Methods inherited from class java.lang.Object
clone, equals, finalize, getClass, hashCode, notify, notifyAll, toString, wait, wait, wait
 

Constructor Detail

ResourceDispatcher

public ResourceDispatcher(long minAccounts,
                          long minReservedPerAccount,
                          long maxReservedPerAccount,
                          long extraItems,
                          long maxExtraPerAccount,
                          long minExtraPoolSize,
                          boolean roundRobin,
                          String dispatcherName)
Construct a Fair Resource Allocator with the given parameters:

Parameters:
minAccounts - The minimum number of client accounts that we want to guarantee we can handle. <0 means 0
minReservedPerAccount - The minimum reservation request that we will always grant to accounts as long as we have less than minAccounts <0 means 0.
maxReservedPerAccount - The maximum reservation request that we ever will grant to any given account. extraItems - The total number of items that we will authorize beyond what has been reserved. <0 means 0.
maxExtraPerAccount - The maximum number of extra items we will ever let any given account occupy. <0 or >extraItems means ==extraItems.
minExtraPoolSize - The number of extra items that can never be taken out of the extra pool to satisfy a reservation request.
roundRobin - If true, when there is no items available, all eligible accounts are put in a FIFO. Accounts release items often, and the oldest account in the FIFO will get it.
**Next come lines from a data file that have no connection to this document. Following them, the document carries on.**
Lemma notin_side_sym s t u : te s t -> u \in side t s -> u \notin side s t.
Proof.
move=> st; rewrite !inE (eq_connect (cut_edgeC t s)); apply: contraTN => c_su.
apply: contra (notin_side st); rewrite inE => c_tu; apply: connect_trans c_su _.
by rewrite (sym_connect_sym (cut_edge_sym s t)).
Qed.

Lemma exists_side t u : u != t -> exists2 s, te t s & u \in side s t.
Proof.
case: tree => _ _ _ conn_te _ ut.
have [s ts c_su] := connect_via_neighbour (conn_te t u) ut; exists s => //.
rewrite inE; apply: connect_sub c_su => a b /and3P [ab a_t b_t]; apply: connect1.
by rewrite /cut_edge ab (negbTE a_t) (negbTE b_t) !andbF.
Qed.

(* A tree has fewer edges than nodes, so a map choosing a neighbour of every
   node cannot provide n distinct edges. *)
Lemma tree_two_cycle (f : 'I_n -> 'I_n) :
  (forall t, te t (f t)) -> exists t, f (f t) = t.
Proof.
case: tree => n_gt0 _ sym_te _ card_te te_f.
have [/existsP [t /eqP ft]|/existsPn no_cycle] := boolP [exists t, f (f t) == t].
  by exists t.
have te_f2 t : t \in setT -> te t (f t) && te (f t) t by rewrite te_f sym_te te_f.
have := leq_card2_arcs te_f2 (fun t _ _ => no_cycle t).
rewrite cardsT card_ord -[arcs te]/[set p | te p.1 p.2] card_te => n_le; exfalso; lia.
Qed.

End TreeSides.

Definition gaif_comp (T : finType) (H : hgraph T) (S : {set T}) (x : T) : {set T} :=
  [set y in hv H :\: S | connect (gaif_minus H S) x y].

Section Decomposition.
Variables (T : finType) (H : hgraph T) (n : nat) (te : rel 'I_n).
Variable B : 'I_n -> {set T}.
Hypothesis td : tree_decomp H te B.

Lemma bag_side_cross s t v a b :
  te s t -> v \in B a -> v \in B b -> a \in side te s t -> b \notin side te s t ->
  (v \in B s) && (v \in B t).
Proof.
case: td => tree _ _ conn_v _ st va vb a_s b_s.
have [x [y [/and3P [xy vx vy] x_s y_s]]] :=
  connect_cross (P := fun u => u \in side te s t) (conn_v v a b va vb) a_s b_s.
by case/andP: (side_edge_cross tree st xy x_s y_s) => /eqP <- /eqP <-; rewrite vx vy.
Qed.

Lemma comp_bags_within (P : {set 'I_n}) (S : {set T}) x a y :
  (forall v a b, v \in B a -> v \in B b -> a \in P -> b \notin P -> v \in S) ->
  x \notin S -> x \in B a -> a \in P -> y \in gaif_comp H S x ->
  forall b, y \in B b -> b \in P.
Proof.
case: td => _ _ _ _ edge_bag boundary xS xa aP; rewrite inE => /andP [_ c_xy].
have within v : v \notin S ->
    forall c, v \in B c -> c \in P -> forall b, v \in B b -> b \in P.
  by move=> vS c vc cP b vb; apply: contraNT vS => bP; apply: boundary vc vb cP bP.
apply: (connect_preserves (fun v => forall b, v \in B b -> b \in P) _ c_xy
  (within x xS a xa aP)) => u v /and3P [uv _ /setDP [_ vS]] Qu.
have [c /andP [uc vc]] := edge_bag u v uv.
exact: within vS c vc (Qu c uc).
Qed.

Lemma comp_bags_side s t x a y :
  te s t -> x \notin B t -> x \in B a -> a \in side te s t ->
  y \in gaif_comp H (B t) x -> forall b, y \in B b -> b \in side te s t.
Proof.
move=> st; apply: comp_bags_within => v c b vc vb c_s b_s.
by case/andP: (bag_side_cross st vc vb c_s b_s).
Qed.

Lemma comp_bags_sideC s t x a y :
  te s t -> x \notin B s -> x \in B a -> a \notin side te s t ->
  y \in gaif_comp H (B s) x -> forall b, y \in B b -> b \notin side te s t.
Proof.
move=> st xBs xa a_s y_x b yb; rewrite -in_setC.
apply: comp_bags_within xBs xa _ y_x b yb; last by rewrite in_setC.
move=> v c d vc vd; rewrite !in_setC negbK => c_s d_s.
by case/andP: (bag_side_cross st vd vc d_s c_s).
Qed.

Lemma bags_separate (P : {set 'I_n}) (X Y : {set T}) :
  X \subset hv H ->
  (forall x b, x \in X -> x \in B b -> b \in P) ->
  (forall y b, y \in Y -> y \in B b -> b \notin P) ->
  [disjoint X & Y] /\ (forall u v, u \in X -> v \in Y -> ~~ gaif H u v).
Proof.
case: td => _ _ cover _ edge_bag XV XP YP; split.
  apply/pred0P => y /=; apply/negP => /andP [yX yY].
  have [a ya] := cover y (subsetP XV y yX).
  by move: (XP y a yX ya); rewrite (negbTE (YP y a yY ya)).
move=> u v uX vY; apply/negP => uv; have [c /andP [uc vc]] := edge_bag u v uv.
by move: (XP u c uX uc); rewrite (negbTE (YP v c vY vc)).
Qed.

Lemma exists_side_bag t x :
  x \in hv H :\: B t -> exists s, te t s && [exists u in side te s t, x \in B u].
Proof.
case: td => tree _ cover _ _ /setDP [xV xBt]; have [u xu] := cover x xV.
have ut : u != t by apply: contraNneq xBt => <-.
have [s ts u_s] := exists_side tree ut; exists s; rewrite ts.
by apply/existsP; exists u; rewrite u_s.
Qed.

End Decomposition.

Local Open Scope ring_scope.

Lemma well_behaved_sum_le (R : realFieldType) (T : finType)
    (lam : hgraph T -> {set T} -> R) (H : hgraph T) (X Y W : {set T}) :
  well_behaved lam -> hwf H -> X \subset W -> Y \subset W -> W \subset hv H ->
  [disjoint X & Y] -> (forall u v, u \in X -> v \in Y -> ~~ gaif H u v) ->
  lam H X + lam H Y <= lam H W.
Proof.
case=> _ _ lam_add lam_mono hwfH XW YW WV XY nadj.
have XV := subset_trans XW WV; have YV := subset_trans YW WV.
rewrite -(lam_add H hwfH X Y XV YV XY nadj).
by apply: lam_mono => //; rewrite subUset XW.
Qed.

Theorem mainTheorem19 (R : realFieldType) (T : finType)
    (lam : hgraph T -> {set T} -> R) (k : int) (H : hgraph T) (W : {set T}) :
  well_behaved lam -> hwf H -> tw_le lam H (k%:~R) -> W \subset hv H ->
  exists S : {set T},
    [/\ S \subset hv H, lam H S <= k%:~R &
        forall C, is_component H S C -> lam H (W :&: C) <= lam H W / 2].
Proof.
move=> wb hwfH [n [te [B [td Bk]]]] WV; have tree : is_tree te by case: td.
pose heavy S x := (x \in hv H :\: S) && (lam H W / 2 < lam H (W :&: gaif_comp H S x)).
have [/existsP [t /forallP light]|/existsPn all_heavy] :=
  boolP [exists t, [forall x, ~~ heavy (B t) x]].
  exists (B t); split=> [|//|C [x xV ->]]; first by case: td.
  by move: (light x); rewrite /heavy xV /= -leNgt; exact.
have /fin_all_exists [xt /(_ _)/andP xtP] t : exists x, heavy (B t) x.
  by have /forallPn [x /negPn] := all_heavy t; exists x.
have /fin_all_exists [f /(_ _)/andP fP] t := exists_side_bag td (xtP t).1.
have [t fft] := tree_two_cycle tree (fun t => (fP t).1).
set s := f t in fft; have st : te s t by case: tree => _ _ -> _ _; exact: (fP t).1.
have [/exists_inP [a a_s xa] /exists_inP [b b_t xb]] := ((fP t).2, (fP s).2).
rewrite fft in b_t.
have [/setDP [_ xtBt] heavy_t] := xtP t; have [/setDP [_ xsBs] heavy_s] := xtP s.
pose Xt := W :&: gaif_comp H (B t) (xt t); pose Xs := W :&: gaif_comp H (B s) (xt s).
have [XY nadj] := bags_separate td (P := side te s t) (X := Xt) (Y := Xs)
  (subset_trans (subsetIl W _) WV)
  (fun x c x_t xc => comp_bags_side td st xtBt xa a_s (setIP x_t).2 xc)
  (fun y c y_s yc => comp_bags_sideC td st xsBs xb (notin_side_sym tree st b_t)
                       (setIP y_s).2 yc).
have := well_behaved_sum_le wb hwfH (subsetIl _ _) (subsetIl _ _) WV XY nadj.
lra.
Qed.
If false, accounts always keep items for as long as they can use them, and there is no FIFO of eligible accounts. Accounts can obtain new resources only if available at the time they try to aquire it. RoundRobin is more fair but has more overhead. Neither mode will cause starvation as long as accounts reserve at least one item each. RoundRobin is most useful when allocating threads.
Method Detail

getNbEligibles

public int getNbEligibles()

newAccount

public ResourceAccount newAccount(long nbReq,
                                  long maxExtra,
                                  Object userObject)
Creates and returns a new client account.

Parameters:
nbReq - the number of reserved items requested (may not be always granted in full). A negative value is taken to mean 0.
maxExtra - the number of additional items that this account authorizes to be allocated in addition to the reserved ones. This is typically useful if the items are threads and if some accounts are not re-entrant. Then nbReq would be 1 and maxExtra would be 0. It is also permitted to have some accounts receive no items at all ever by setting nbReq and maxExtra both to zero. A negative maxExtra is taken as meaning no specified limit, in which case an actual limit may be set silently.
userObject - An opaque cookie that the account object will return when requested. This is useful to relate an account returned by ClientAccount.releaseItem() to an invoking code relevant object.
Returns:
ResourceAccount An account with this allocator.